It’s worth noting, Greenspan didn’t cause the productivity boom. He didn’t get in its way. His restraint allowed productivity gains to run longer before monetary tightening intervened.
Growth, Warsh maintains, doesn’t require inflation. More often, inflation is what suffocates it.
Rate Cut Reckfulness
Another overlooked detail: Warsh isn’t allergic to cutting rates.
He’s argued the Fed moved too late in 2022. He’s also argued the Fed has been too slow to cut now. The difference is he doesn’t believe in keeping rates artificially low just to keep asset prices elevated.
That stance aligns with Treasury Secretary Scott Bessent, who speaks often about the possibility of a non-inflationary economic boom.
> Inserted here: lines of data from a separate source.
(* Let $Q$ be a topological $k$-quandle, let ${}^v_v\sigma$ be a $k$-colored $n$-braid whose top and bottom color tuples are both $v\in\{1,\dots,k\}^n$, let $L_C=\overline{{}^v_v\sigma}$ be its closure and $D_C$ the closed-braid diagram of $L_C$. Then $\mathrm{Hom}(F(D_C),Q)$ is homeomorphic to $\hat{J}_Q(L_C)$, the space of fixed points of the map ${}^v_v\sigma:Q^n\to Q^n$; explicitly, the map $f\mapsto (f(y_1),\dots,f(y_n))$, where $y_1,\dots,y_n$ are the arcs at the top ends of the braid from left to right, is a homeomorphism $\mathrm{Hom}(F(D_C),Q)\to\hat{J}_Q(L_C)$.
   Context: A quandle is a set with a binary operation $\triangleright$ such that $x\triangleright x=x$, each right translation $x\mapsto x\triangleright y$ is a bijection (inverse written $x\mapsto x\triangleright^{-1}y$), and $(x\triangleright y)\triangleright z=(x\triangleright z)\triangleright(y\triangleright z)$. A $k$-quandle is a set with operations $\triangleright_1,\dots,\triangleright_k$, each making it a quandle, with $(x\triangleright_i y)\triangleright_j z=(x\triangleright_j z)\triangleright_i(y\triangleright_j z)$ for all $i,j,x,y,z$. A topological $k$-quandle is a $k$-quandle with a topology making all $\triangleright_i,\triangleright_i^{-1}:Q\times Q\to Q$ continuous. A $k$-colored $n$-braid is an $n$-strand braid (oriented top to bottom) with each strand colored by one of $1,\dots,k$, all colors used; ${}^v_w\sigma$ denotes such a braid with colors $v$ at the top and $w$ at the bottom (read left to right). For $v=(v_1,\dots,v_n)$ and $w$ obtained from $v$ by swapping entries $i,i+1$, the elementary colored braid ${}^v_w\sigma_i$ (strand $i$ crossing strand $i+1$ positively) induces the homeomorphism $Q^n\to Q^n$ given by $x\mapsto x'$ with $x'_j=x_j$ for $j\ne i,i+1$, $x'_i=x_{i+1}$, $x'_{i+1}=x_i\triangleright_{v_{i+1}}x_{i+1}$; the inverse elementary braid ${}^w_v\sigma_i^{-1}$ induces the inverse homeomorphism. Every colored braid is a product ${}^{v^1}_{v^2}\sigma_{i_1}^{\pm}\cdots{}^{v^m}_{v^{m+1}}\sigma_{i_m}^{\pm}$ of elementary colored braids, and it induces the composite map ${}^{v^m}_{v^{m+1}}\sigma_{i_m}^{\pm}\circ\cdots\circ{}^{v^1}_{v^2}\sigma_{i_1}^{\pm}$. The closure of ${}^v_v\sigma$ joins each top end to the bottom end in the same position, giving a $k$-colored link (oriented link with components colored, considered up to orientation- and color-preserving isotopy). For a diagram $D_C$ with arcs $x_1,\dots,x_N$, $F(D_C)$ is the $k$-quandle generated by the arcs modulo crossing relations: at a crossing with over-arc $y$, incoming under-arc $x$, outgoing under-arc $z$, over-strand color $j$, $z=x\triangleright_j y$ (positive) or $z=x\triangleright_j^{-1}y$ (negative). $\mathrm{Hom}(F(D_C),Q)$ is the set of $k$-quandle homomorphisms $F(D_C)\to Q$, with $F(D_C)$ discrete and $\mathrm{Hom}$ given the compact-open topology; $\hat{J}_Q(L_C)\subseteq Q^n$ has the subspace topology. *)

From HB Require Import structures.
From mathcomp Require Import all_boot all_order.
From mathcomp Require Import boolp classical_sets functions.
From mathcomp Require Import topology.

Set Implicit Arguments.
Unset Strict Implicit.
Unset Printing Implicit Defensive.

Local Open Scope classical_set_scope.

(** * Topological k-quandles.  Colours 1..k are represented by 'I_k.   *)

Definition is_kquandle (k : nat) (Q : Type)
    (op opinv : 'I_k -> Q -> Q -> Q) : Prop :=
  [/\ (forall i x, op i x x = x),
      (forall i x y, opinv i (op i x y) y = x),
      (forall i x y, op i (opinv i x y) y = x) &
      (forall i j x y z, op j (op i x y) z = op i (op j x z) (op j y z))].

Definition is_topological_kquandle (k : nat) (Q : topologicalType)
    (op opinv : 'I_k -> Q -> Q -> Q) : Prop :=
  is_kquandle op opinv /\
  forall i : 'I_k,
    continuous (fun p : Q * Q => op i p.1 p.2) /\
    continuous (fun p : Q * Q => opinv i p.1 p.2).

Definition is_khom (k : nat) (F Q : Type)
    (opF : 'I_k -> F -> F -> F) (opQ : 'I_k -> Q -> Q -> Q) (f : F -> Q) : Prop :=
  forall i a b, f (opF i a b) = opQ i (f a) (f b).

Inductive eqclos (T : Type) (R : T -> T -> Prop) : T -> T -> Prop :=
| eqclos_step a b : R a b -> eqclos R a b
| eqclos_refl a : eqclos R a a
| eqclos_sym a b : eqclos R a b -> eqclos R b a
| eqclos_trans a b c : eqclos R a b -> eqclos R b c -> eqclos R a c.

Definition cquot (T : Type) (E : T -> T -> Prop) : Type :=
  {A : set T | exists t, A = E t}.

HB.instance Definition _ (T : Type) (E : T -> T -> Prop) :=
  gen_eqMixin (cquot E).
HB.instance Definition _ (T : Type) (E : T -> T -> Prop) :=
  gen_choiceMixin (cquot E).

Definition cclass (T : Type) (E : T -> T -> Prop) (t : T) : cquot E :=
  exist _ (E t) (ex_intro _ t erefl).

Definition crepr (T : Type) (E : T -> T -> Prop) (A : cquot E) : T :=
  proj1_sig (cid (proj2_sig A)).

Inductive kterm (k : nat) (G : Type) : Type :=
| KGen of G
| KOp of 'I_k & kterm k G & kterm k G
| KOpInv of 'I_k & kterm k G & kterm k G.

Arguments KGen {k G}.
Arguments KOp {k G}.
Arguments KOpInv {k G}.

Inductive kcong (k : nat) (G : Type) (R : kterm k G -> kterm k G -> Prop) :
    kterm k G -> kterm k G -> Prop :=
| kc_rel a b : R a b -> kcong R a b
| kc_refl a : kcong R a a
| kc_sym a b : kcong R a b -> kcong R b a
| kc_trans a b c : kcong R a b -> kcong R b c -> kcong R a c
| kc_op i a a' b b' : kcong R a a' -> kcong R b b' ->
    kcong R (KOp i a b) (KOp i a' b')
| kc_opinv i a a' b b' : kcong R a a' -> kcong R b b' ->
    kcong R (KOpInv i a b) (KOpInv i a' b')
| kc_idem i a : kcong R (KOp i a a) a
| kc_inv1 i a b : kcong R (KOpInv i (KOp i a b) b) a
| kc_inv2 i a b : kcong R (KOp i (KOpInv i a b) b) a
| kc_dist i j a b c :
    kcong R (KOp j (KOp i a b) c) (KOp i (KOp j a c) (KOp j b c)).

Definition kpres (k : nat) (G : Type) (R : kterm k G -> kterm k G -> Prop) : Type :=
  cquot (kcong R).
Markets noticed. Despite the hawkish headlines, Fed funds futures quietly priced in higher odds of rate cuts following the nomination.
Ignore the headlines. Watch the probabilities.
Back to Crypto’s Future
Crypto doesn’t need emergency liquidity. It needs oxygen.
Crypto doesn’t even require strong growth—just improving growth at the margin.
Historically, crypto performs best when:
- Productivity improves
- Risk appetite returns organically
- Growth replaces fear
That’s the environment Warsh’s policy lens aims to enable.
Right now, sentiment is compressed. Leverage is getting punished. Volatility has shaken out weak hands.
The asset class is behaving like it has at the end of past down cycles, not the beginning of new ones.
If economic activity expands without inflation forcing the Fed back into panic mode, crypto becomes the biggest coiled spring in the markets.
Wrapping it Up With a Bow
Warsh is proposing three things…
A flat balance sheet.
Controlled inflation.
A productivity-led expansion.
That combination powered previous bull markets.
There’s no reason to assume it can’t do so again—especially for an asset class built to thrive outside monetary chaos.
Sure, QE might’ve poured fuel on another round of speculative memecoin excess.
But the environment Warsh envisions rewards something different—crypto that actually does work.
And that’s the cycle where speculation fades and utility compounds.
And that’s the environment we like the most.